In other afflictions, losing a lot of fat via dramatic weight loss can sometimes “activate” diseases which were otherwise stable or asymptomatic when surrounded by fat.

Adipose tissue, it seems, has so much of a part to play in virtually every battle the human immune system may face. And Nagajyothi is aiming at unlocking its secrets.

“Fat is not just my bread and butter, it is my fortune/serendipity,” she said. “The ultimate goal is to completely understand the fat/pathogenicity interaction.”

India, Germany, the U.S., Beyond

Nagajyothi was born and raised in a rural small town in the south of India. It was a very conservative society, where girls were placed into arranged marriages shortly after the age of 18.

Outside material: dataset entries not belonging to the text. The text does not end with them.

(* Let $\Bbbk$ be a field, $R=\Bbbk[x_1,\dots,x_m]$ with the standard $\mathbb Z^m$-grading, $M$ a finitely generated torsion-free $\mathbb Z^m$-graded $R$-module, and $\mathcal F_\bullet$ a minimal $\mathbb Z^m$-graded free resolution of $M$. Let $C$ be any basis of $F_0$ consisting of homogeneous elements. Then $\mathcal F_\bullet$ has a basis with minimal support $B=\coprod B_n$ consisting of homogeneous elements and such that $B_0=C$.
   Context: For a complex of free modules $\mathcal F_\bullet$ with differentials $f_n$, $f_0\colon F_0\to H_0(\mathcal F_\bullet)$ the canonical projection, and bases $B_n$ of $F_n$, $B=\coprod B_n$: the support of $y=\sum_{c\in B_n}a_cc$ is $\{c\in B_n:a_c\ne0\}$; $y$ is a cycle with minimal support if $y\in\operatorname{Ker}f_n$ and $\operatorname{supp}y$ does not properly contain the support of any nonzero element of $\operatorname{Ker}f_n$; $B$ is a basis with minimal support if $f_n(b)$ is a cycle with minimal support for all $n\ge1$ and $b\in B_n$. A $\mathbb Z^m$-graded free resolution is minimal if its differentials are homogeneous of degree $0$ and $f_n(F_n)\subseteq(x_1,\dots,x_m)F_{n-1}$ for $n\ge1$. *)

From HB Require Import structures.
From mathcomp Require Import all_boot all_order all_algebra.
Set Implicit Arguments. Unset Strict Implicit. Unset Printing Implicit Defensive.
Import Order.TTheory GRing.Theory Num.Theory.
Local Open Scope ring_scope.

(* The polynomial ring k[x_1,...,x_m], built as iterated univariate polynomials:
   mpoly k 0 = k,  mpoly k (n+1) = (mpoly k n)[x]. *)
Fixpoint mpoly (k : fieldType) (m : nat) : idomainType :=
  match m with
  | 0 => (k : idomainType)
  | n.+1 => ({poly mpoly k n} : idomainType)
  end.

Fixpoint mcoef (k : fieldType) (m : nat) : mpoly k m -> seq nat -> k :=
  match m return mpoly k m -> seq nat -> k with
  | 0 => fun p _ => p
  | n.+1 => fun (p : {poly mpoly k n}) e => mcoef (p`_(head 0%N e)) (behead e)
  end.

Definition degshift (e : seq nat) (d : seq int) : seq int :=
  [seq (x.1%:Z + x.2)%R | x <- zip e d].

(* A graded free module of rank r: R^r (row vectors), with the i-th standard
   basis vector of multidegree D i (a vector in Z^m, encoded as seq int of size m).
   [homog D a y]: y is homogeneous of multidegree a (standard Z^m-grading). *)
Definition homog (k : fieldType) (m r : nat) (D : 'I_r -> seq int)
  (a : seq int) (y : 'rV[mpoly k m]_r) : Prop :=
  size a = m /\
  forall (j : 'I_r) (e : seq nat), size e = m ->
    mcoef (y 0 j) e != 0 -> degshift e (D j) = a.

Definition homogeneous (k : fieldType) (m r : nat) (D : 'I_r -> seq int)
  (y : 'rV[mpoly k m]_r) : Prop := exists a, homog D a y.

(* A complex F_n = R^(r n), with f_{n+1} : F_{n+1} -> F_n given by v |-> v *m A n.
   [kerF n y]: y lies in Ker f_n, where f_0 : F_0 -> H_0 is the projection,
   so Ker f_0 = Im f_1. *)
Definition kerF (k : fieldType) (m : nat) (r : nat -> nat)
  (A : forall n, 'M[mpoly k m]_(r n.+1, r n)) (n : nat) : 'rV[mpoly k m]_(r n) -> Prop :=
  match n return 'rV[mpoly k m]_(r n) -> Prop with
  | 0 => fun y => exists w : 'rV[mpoly k m]_(r 1), y = w *m A 0%N
  | n'.+1 => fun y => y *m A n' = 0
  end.

(* Support of y with respect to the basis given by the rows of the invertible
   matrix P. *)
Definition supp (k : fieldType) (m r : nat) (P : 'M[mpoly k m]_r)
  (y : 'rV[mpoly k m]_r) : {set 'I_r} :=
  [set j | (y *m invmx P) 0 j != 0].

Definition min_supp_cycle (k : fieldType) (m : nat) (r : nat -> nat)
  (A : forall n, 'M[mpoly k m]_(r n.+1, r n)) (n : nat)
  (P : 'M[mpoly k m]_(r n)) (y : 'rV[mpoly k m]_(r n)) : Prop :=
  kerF A y /\
  forall z, kerF A z -> z != 0 -> ~ (supp P z \proper supp P y).

(* Family of bases B n (rows of invertible matrices) is a basis with minimal
   support: f_n(b) is a cycle with minimal support for all n >= 1, b in B_n. *)
Definition min_support_basis (k : fieldType) (m : nat) (r : nat -> nat)
  (A : forall n, 'M[mpoly k m]_(r n.+1, r n)) (B : forall n, 'M[mpoly k m]_(r n)) : Prop :=
  (forall n, B n \in unitmx) /\
  forall n (j : 'I_(r n.+1)), min_supp_cycle A (B n) (row j (B n.+1) *m A n).

From HB Require Import structures.
From mathcomp Require Import all_boot all_order all_algebra.
From mathcomp Require Import zify ring.
From Stdlib Require Import Classical ClassicalEpsilon.
Import GRing.Theory.
Local Open Scope ring_scope.

Set Implicit Arguments. Unset Strict Implicit. Unset Printing Implicit Defensive.

(* For the fine Z^m-grading every homogeneous polynomial is a scalar times a
   monomial.  Given a homogeneous basis of F_n, start from any homogeneous basis
   of F_(n+1) and replace, one at a time, a basis element b whose boundary f(b)
   is not a cycle of minimal support.  A nonzero cycle z of smaller support can
   be taken homogeneous; the combination of f(b) and z killing one coordinate
   of z is divisible by a monomial, and cancelling it (torsion-freeness of M for
   n = 0, integrality of R for n > 0) gives a homogeneous cycle s = f(h), of the
   degree of b, whose support is strictly inside that of f(b).  The coordinate
   of h on b has degree 0, hence is a constant c; for the scalar mu that kills
   a coordinate of f(b) - mu s, either 1 - mu c = 0 and h replaces b, or b - mu h
   does.  Both keep a homogeneous basis and shrink the support of f(b), so the
   total support size of the boundaries strictly decreases. *)

Section MonomialCoefficients.
Context {k : fieldType}.

(* Exponent vectors are functions [nat -> nat], of which only the first [m]
   values matter. *)
Fixpoint mcoeff (m : nat) : mpoly k m -> (nat -> nat) -> k :=
  match m return mpoly k m -> (nat -> nat) -> k with
  | 0 => fun p _ => p
  | n.+1 => fun (p : {poly mpoly k n}) e => mcoeff (p`_(e 0%N)) (fun i => e i.+1)
  end.

Fixpoint mconst (m : nat) : k -> mpoly k m :=
  match m return k -> mpoly k m with
  | 0 => fun c => c
  | n.+1 => fun c => ((mconst n c)%:P : {poly mpoly k n})
  end.

Fixpoint mmono (m : nat) : (nat -> nat) -> mpoly k m :=
  match m return (nat -> nat) -> mpoly k m with
  | 0 => fun _ => 1
  | n.+1 => fun e => ('X^(e 0%N) * (mmono n (fun i => e i.+1))%:P : {poly mpoly k n})
  end.

Fixpoint mexp_le (m : nat) (f e : nat -> nat) : bool :=
  match m with
  | 0 => true
  | n.+1 => (f 0%N <= e 0%N)%N && mexp_le n (fun i => f i.+1) (fun i => e i.+1)
  end.

Lemma mexp_leP m f e : reflect (forall i, (i < m)%N -> (f i <= e i)%N) (mexp_le m f e).
Proof.
elim: m f e => [|n IH] f e /=; first by apply: ReflectT.
apply: (iffP andP) => [[h0 /IH hS] [|i] //= hi|h]; first exact: hS.
by split; [apply: h | apply/IH => i hi; apply: h].
Qed.

Lemma mcoeff_ext m (p : mpoly k m) e e' :
  (forall i, (i < m)%N -> e i = e' i) -> mcoeff p e = mcoeff p e'.
Proof.
elim: m p e e' => [|n IH] p e e' h //=.
by rewrite (h 0%N) //; apply: IH => i hi; apply: h.
Qed.

Lemma mcoeff_eq0 m (p : mpoly k m) : (forall e, mcoeff p e = 0) -> p = 0.
Proof.
elim: m p => [|n IH] p h; first exact: (h (fun _ => 0%N)).
apply/polyP => i; rewrite coef0; apply: IH => e.
exact: (h (fun j => if j is j'.+1 then e j' else i)).
Qed.

Lemma mcoeff_neq0 m (p : mpoly k m) : p != 0 -> exists e, mcoeff p e != 0.
Proof.
move=> hp; apply: NNPP => hn; move/eqP: hp; apply; apply: mcoeff_eq0 => e.
by apply/eqP; apply: contra_notT hn => he; exists e.
Qed.

Lemma mcoeff0 m e : mcoeff (0 : mpoly k m) e = 0.
Proof. by elim: m e => [|n IH] e //=; rewrite coef0 IH. Qed.

Lemma mcoeffD m (p q : mpoly k m) e : mcoeff (p + q) e = mcoeff p e + mcoeff q e.
Proof. by elim: m p q e => [|n IH] p q e //=; rewrite coefD IH. Qed.

Lemma mcoeffN m (p : mpoly k m) e : mcoeff (- p) e = - mcoeff p e.
Proof. by elim: m p e => [|n IH] p e //=; rewrite coefN IH. Qed.

Lemma mcoeffB m (p q : mpoly k m) e : mcoeff (p - q) e = mcoeff p e - mcoeff q e.
Proof. by rewrite mcoeffD mcoeffN. Qed.

Lemma mcoeff_sum m I (s : seq I) (P : pred I) (F : I -> mpoly k m) e :
  mcoeff (\sum_(i <- s | P i) F i) e = \sum_(i <- s | P i) mcoeff (F i) e.
Proof.
apply: (big_morph (fun p : mpoly k m => mcoeff p e)) => [p q|]; first exact: mcoeffD.
exact: mcoeff0.
Qed.

Lemma mconst0 m : mconst m 0 = 0.
Proof. by elim: m => [|n IH] //=; rewrite IH. Qed.

Lemma mconst1 m : mconst m 1 = 1.
Proof. by elim: m => [|n IH] //=; rewrite IH. Qed.

Lemma mconstB m a b : mconst m (a - b) = mconst m a - mconst m b.
Proof. by elim: m => [|n IH] //=; rewrite IH polyCB. Qed.

Lemma mconstM m a b : mconst m (a * b) = mconst m a * mconst m b.
Proof. by elim: m => [|n IH] //=; rewrite IH polyCM. Qed.

Lemma mconst_unit m c : c != 0 -> mconst m c \is a GRing.unit.
Proof.
move=> hc; apply/GRing.unitrP; exists (mconst m c^-1).
by rewrite -!mconstM mulVf ?mulfV // mconst1.
Qed.

Lemma mcoeff_mconstM m c (p : mpoly k m) e : mcoeff (mconst m c * p) e = c * mcoeff p e.
Proof. by elim: m p e => [|n IH] p e //=; rewrite coefCM IH. Qed.

Lemma mcoeff_mmono m f e :
  mcoeff (mmono m f) e = if mexp_le m f e && mexp_le m e f then 1 else 0.
Proof.
elim: m f e => [|n IH] f e //=.
rewrite coefXnM coefC; case: ltnP => hlt /=; first by rewrite mcoeff0.
rewrite -subn_eq0; case: (e 0%N - f 0%N)%N => [|d] /=; first exact: IH.
by rewrite mcoeff0 andbF.
Qed.

Lemma mcoeff_mulmmono m (p : mpoly k m) f e :
  mcoeff (p * mmono m f) e = if mexp_le m f e then mcoeff p (fun i => e i - f i)%N else 0.
Proof.
elim: m p f e => [|n IH] p f e /=; first by rewrite mulr1.
rewrite mulrA coefMC coefMXn; case: ltnP => hlt /=; first by rewrite mul0r mcoeff0.
by rewrite IH.
Qed.

Lemma mmono_ext m f f' : (forall i, (i < m)%N -> f i = f' i) -> mmono m f = mmono m f'.
Proof.
elim: m f f' => [|n IH] f f' h //=.
by rewrite (h 0%N) // (IH _ (fun i => f' i.+1)) // => i hi; apply: h.
Qed.

Lemma mmono0 m : mmono m (fun _ => 0%N) = 1.
Proof. by elim: m => [|n IH] //=; rewrite IH mul1r. Qed.

Lemma mmonoD m f g : mmono m (fun i => f i + g i)%N = mmono m f * mmono m g.
Proof. by elim: m f g => [|n IH] f g /=; rewrite ?mulr1 // exprD IH polyCM mulrACA. Qed.
Lemma stable_length_cvgy : (fun k => stable_length S (gamma k)) @ \oo --> +oo.
Proof.
have [T [N bounded]] := gromov_product_inv_bounded.
have wl_cvgy := word_length_cvgy Gamma_gamma conv.
apply/cvgryPge => M; near=> k.
apply: le_trans (stable_length_ge (Gamma_gamma k)).
have : M + 2 * T + 2 * delta <= (wl (gamma k))%:R.
  by near: k; move/cvgryPge: wl_cvgy; apply.
have : (invmx (gamma k) | gamma k) < T.
  by apply: bounded; near: k; exact: nbhs_infty_ge.
lra.
Unshelve. all: by end_near.
Qed.

End BoundaryLimits.

End Hyperbolic.

End WordMetric.

Theorem lemma2p17 (R : realType) (d : nat) (Gamma : set 'M[R]_d)
  (S : seq 'M[R]_d) (gamma : nat -> 'M[R]_d) :
  (1 < d)%N ->
  is_subgroup_SL Gamma ->
  torsion_free Gamma ->
  generates S Gamma ->
  projective_anosov S Gamma ->
  (forall k, Gamma (gamma k)) ->
  converges_at_infinity S gamma ->
  converges_at_infinity S (fun k => invmx (gamma k)) ->
  ~ same_boundary_limit S gamma (fun k => invmx (gamma k)) ->
  (fun k => lambda_ 0 (gamma k)) @ \oo --> +oo.
Proof.
move=> d_gt1 Gamma_SL _ S_gen [hyperbolic [c [c' [c_gt0 [_ gap]]]]] Gamma_gamma
  conv conv_inv distinct.
have [delta delta_ge0 thin] := gromov_hyperbolic_nonneg hyperbolic.
have stable_cvgy := stable_length_cvgy Gamma_SL S_gen delta_ge0 thin
  Gamma_gamma conv conv_inv distinct.
apply/cvgryPge => M; near=> k.
have lambda_sum : 0 <= lambda_ 0 (gamma k) + lambda_ 1 (gamma k).
  by rewrite lambda_sum_ge0 // (Gamma_det Gamma_SL (Gamma_gamma k)) normr1.
have gap_k := gap _ (Gamma_gamma k).
have : (2 * M + c') / c <= stable_length S (gamma k).
  by near: k; move/cvgryPge: stable_cvgy; apply.
rewrite ler_pdivrMr // => stable_large; lra.
Unshelve. all: by end_near.
Qed.
(* There exist symmetric pseudo-Boolean functions of $n$ variables for which any quadratization must involve at least $\Omega(\sqrt{n})$ auxiliary variables; that is, there is a constant $c>0$ such that for infinitely many $n$ there is a symmetric $f:\{0,1\}^n\to\mathbb{R}$ every quadratization of which uses at least $c\sqrt n$ auxiliary variables.
   Context: A pseudo-Boolean function is a map $\{0,1\}^n\to\mathbb{R}$; it is symmetric if its value depends only on the Hamming weight. A quadratization of $f$ using $m$ auxiliary variables is a polynomial $g(x,y)$ of degree at most $2$ in $x_1,\ldots,x_n,y_1,\ldots,y_m$ such that $f(x)=\min\{g(x,y):y\in\{0,1\}^m\}$ for all $x\in\{0,1\}^n$. *)

From Stdlib Require Import Reals.
Open Scope R_scope.

Fixpoint sumR (k : nat) (F : nat -> R) : R :=
  match k with
  | O => 0
  | S k' => sumR k' F + F k'
  end.

(* A point of {0,1}^n is encoded as x : nat -> bool with x i = false for i >= n. *)
Definition in_cube (n : nat) (x : nat -> bool) : Prop :=
  forall i, (n <= i)%nat -> x i = false.

Definition b2R (b : bool) : R := if b then 1 else 0.

Definition hweight (n : nat) (x : nat -> bool) : nat :=
  List.fold_right (fun i acc => ((if x i then 1 else 0) + acc)%nat) 0%nat (List.seq 0 n).

Definition symmetric_pbf (n : nat) (f : (nat -> bool) -> R) : Prop :=
  forall x x', in_cube n x -> in_cube n x' -> hweight n x = hweight n x' -> f x = f x'.

(* A polynomial of degree at most 2 in k variables z_0..z_{k-1}, given by
   its coefficients: a0 + sum_i a_i z_i + sum_{i,j} b_{ij} z_i z_j. *)
Record quad_poly := QuadPoly {
  qp_const : R;
  qp_lin : nat -> R;
  qp_quad : nat -> nat -> R }.

Definition qp_eval (k : nat) (g : quad_poly) (z : nat -> bool) : R :=
  qp_const g
  + sumR k (fun i => qp_lin g i * b2R (z i))
  + sumR k (fun i => sumR k (fun j => qp_quad g i j * b2R (z i) * b2R (z j))).

(* Concatenate x in {0,1}^n and y in {0,1}^m into a point of {0,1}^(n+m):
   variables x_1..x_n are z_0..z_{n-1}, y_1..y_m are z_n..z_{n+m-1}. *)
Definition concat_pt (n : nat) (x y : nat -> bool) : nat -> bool :=
  fun i => if Nat.ltb i n then x i else y (i - n)%nat.

Definition is_quadratization (n m : nat) (f : (nat -> bool) -> R) (g : quad_poly) : Prop :=
  forall x, in_cube n x ->
    (forall y, in_cube m y -> f x <= qp_eval (n + m) g (concat_pt n x y)) /\
    (exists y, in_cube m y /\ qp_eval (n + m) g (concat_pt n x y) = f x).

(* Take f(x) = s^|x|.  On 2^t - 1 variables, let x_k (k < 2^t) be the point whose i-th coordinate
   is bit floor(log2 (i+1)) of k, so that |x_k| = k.  If g quadratizes f with m auxiliary variables
   and y_k is optimal for x_k, then every coordinate of (x_k, y_k), viewed as a function of k, is
   one of 1 + t + m Boolean vectors (the constant 1, a bit of k, or an auxiliary).  Hence the vector
   (s^k)_k = (g(x_k, y_k))_k lies in the span of at most (1 + t + m)^2 pairwise products of them.
   A proper subspace contains (s^k)_k only for s a root of some nonzero polynomial, and there are
   finitely many spans of 0/1 vectors, so for a suitable s this forces (1 + t + m)^2 >= 2^t,
   i.e. m >= sqrt(2^t - 1) / 2 once t >= 10. *)

From Stdlib Require Import Reals Lia Lra Bool.
Open Scope R_scope.

Lemma hweight_S n x : hweight (S n) x = (hweight n x + (if x n then 1 else 0))%nat.
Proof.
  unfold hweight. rewrite List.seq_S, List.fold_right_app. simpl.
  generalize (if x n then 1%nat else 0%nat) as c. intro c.
  induction (List.seq 0 n) as [|a l IH]; simpl; lia.
Qed.

Lemma hweight_ext n x x' : (forall i, (i < n)%nat -> x i = x' i) -> hweight n x = hweight n x'.
Proof.
  induction n as [|n IH]; intro Hxx'; [reflexivity|].
  rewrite !hweight_S, IH by (intros; apply Hxx'; lia).
  rewrite (Hxx' n) by lia. reflexivity.
Qed.

Lemma hweight_add a b x :
  hweight (a + b) x = (hweight a x + hweight b (fun i => x (a + i)%nat))%nat.
Proof.
  induction b as [|b IH]; [rewrite Nat.add_0_r; change (hweight 0 _) with 0%nat; lia|].
  rewrite Nat.add_succ_r, !hweight_S, IH. lia.
Qed.

Lemma hweight_const n (c : bool) : hweight n (fun _ => c) = (n * Nat.b2n c)%nat.
Proof. induction n as [|n IH]; [reflexivity|]. rewrite hweight_S, IH. destruct c; simpl; lia. Qed.

(* The coordinates 2^a - 1, ..., 2^(a+1) - 2 form a block of size 2^a, all equal to bit a of k. *)
Definition binary_point (t k : nat) : nat -> bool :=
  fun i => Nat.ltb i (2 ^ t - 1) && Nat.testbit k (Nat.log2 (i + 1)).

Lemma in_cube_binary_point t k : in_cube (2 ^ t - 1) (binary_point t k).
Proof. intros i Hi. unfold binary_point. rewrite (proj2 (Nat.ltb_ge _ _) Hi). reflexivity. Qed.

Lemma concat_pt_l n x y i : (i < n)%nat -> concat_pt n x y i = x i.
Proof. intro Hi. unfold concat_pt. rewrite (proj2 (Nat.ltb_lt _ _) Hi). reflexivity. Qed.

Lemma concat_pt_r n x y i : (n <= i)%nat -> concat_pt n x y i = y (i - n)%nat.
Proof. intro Hi. unfold concat_pt. rewrite (proj2 (Nat.ltb_ge _ _) Hi). reflexivity. Qed.

Lemma log2_lt_binary_dim t i : (i < 2 ^ t - 1)%nat -> (Nat.log2 (i + 1) < t)%nat.
Proof. intro Hi. apply Nat.log2_lt_pow2; lia. Qed.

Lemma binary_point_bit t k i :
  (i < 2 ^ t - 1)%nat -> binary_point t k i = Nat.testbit k (Nat.log2 (i + 1)).
Proof. intro Hi. unfold binary_point. rewrite (proj2 (Nat.ltb_lt _ _) Hi). reflexivity. Qed.

Lemma hweight_binary_point t k : (k < 2 ^ t)%nat -> hweight (2 ^ t - 1) (binary_point t k) = k.
Proof.
  intro Hk. rewrite <- (Nat.mod_small k (2 ^ t)) at 2 by exact Hk. clear Hk.
  induction t as [|t IH]; [reflexivity|].
  assert (Hpos : (2 ^ t <> 0)%nat) by (apply Nat.pow_nonzero; lia).
  replace (2 ^ S t - 1)%nat with ((2 ^ t - 1) + 2 ^ t)%nat by (rewrite Nat.pow_succ_r'; lia).
  rewrite hweight_add, (hweight_ext _ _ (binary_point t k)), IH.
  2:{ intros i Hi. unfold binary_point. rewrite Nat.pow_succ_r'.
      rewrite !(proj2 (Nat.ltb_lt _ _)) by lia. reflexivity. }
  rewrite (hweight_ext _ _ (fun _ => Nat.testbit k t)), hweight_const.
  2:{ intros i Hi. unfold binary_point. rewrite Nat.pow_succ_r'.
      rewrite (proj2 (Nat.ltb_lt _ _)) by lia.
      cbn [andb]. f_equal. apply Nat.log2_unique; [lia|]. rewrite Nat.pow_succ_r'. lia. }
  rewrite Nat.pow_succ_r', (Nat.mul_comm 2), Nat.Div0.mod_mul_r, (Nat.testbit_spec' k t). lia.
Qed.

Lemma sqrt_le_of_square_bound t m :
  (10 <= t)%nat -> (2 ^ t <= (1 + t + m) * (1 + t + m))%nat ->
  1 / 2 * sqrt (INR (2 ^ t - 1)) <= INR m.
Proof.
  intros Ht Hm.
  assert (Hexp : (4 * (t + 1) * (t + 1) + 1 <= 2 ^ t)%nat).
  { clear Hm. induction Ht as [|t Ht IH]; [simpl; lia|]. rewrite Nat.pow_succ_r'. nia. }
  assert (Hlo : sqrt (INR (2 * (t + 1) * (2 * (t + 1)))) <= sqrt (INR (2 ^ t - 1)))
    by (apply sqrt_le_1_alt, le_INR; lia).
  assert (Hhi : sqrt (INR (2 ^ t - 1)) <= sqrt (INR ((1 + t + m) * (1 + t + m))))
    by (apply sqrt_le_1_alt, le_INR; lia).
  rewrite mult_INR, sqrt_square in Hlo, Hhi by apply pos_INR.
  rewrite !mult_INR, !plus_INR in Hlo. rewrite !plus_INR in Hhi. simpl INR in Hlo, Hhi. lra.
Qed.

From mathcomp Require Import all_boot all_algebra zify Rstruct.
Set Implicit Arguments. Unset Strict Implicit. Unset Printing Implicit Defensive.
Import GRing.Theory Num.Theory.
Local Open Scope ring_scope.

Lemma exists_nonroot (K : numDomainType) (p : {poly K}) : p != 0 -> exists x, ~~ root p x.
Proof.
move=> p_neq0; have /allPn[i _ Ni] : ~~ all (fun i : nat => root p i%:R) (iota 0 (size p)).
  apply: contraFN (ltnn (size p)) => /allP roots_p.
  rewrite -[X in (X < _)%N](size_iota 0) -(size_map (fun i : nat => i%:R : K)).
  apply: max_poly_roots p_neq0 _ _; first by apply/allP => _ /mapP[i /roots_p ? ->].
  by rewrite map_inj_uniq ?iota_uniq // => a b /eqP; rewrite eqr_nat => /eqP.
by exists i%:R.
Qed.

But her parents were set on her having an education of her own and becoming accomplished, encouraging her to pursue her studies and to play sports unlike many other girls. She was the only daughter of her older parents, so she was very protected - she was even still holding her father’s hand to cross the street in her mid-20s, as she recalls now.

But she pursued education. That’s what led her to continue her way out into the world: first her degrees in India, then a fellowship in Germany, and a burgeoning career in the United States since 2001.

Now married and living in New Jersey, her two children are finding their own paths and careers in other parts of the U.S.

The fundamental curiosity - of questions leading to yet more questions - is what drives her constantly forward.

“I always wanted the bigger picture - even if I didn’t understand what the bigger picture could be,” she said. “Basically, I’m a very curious person.”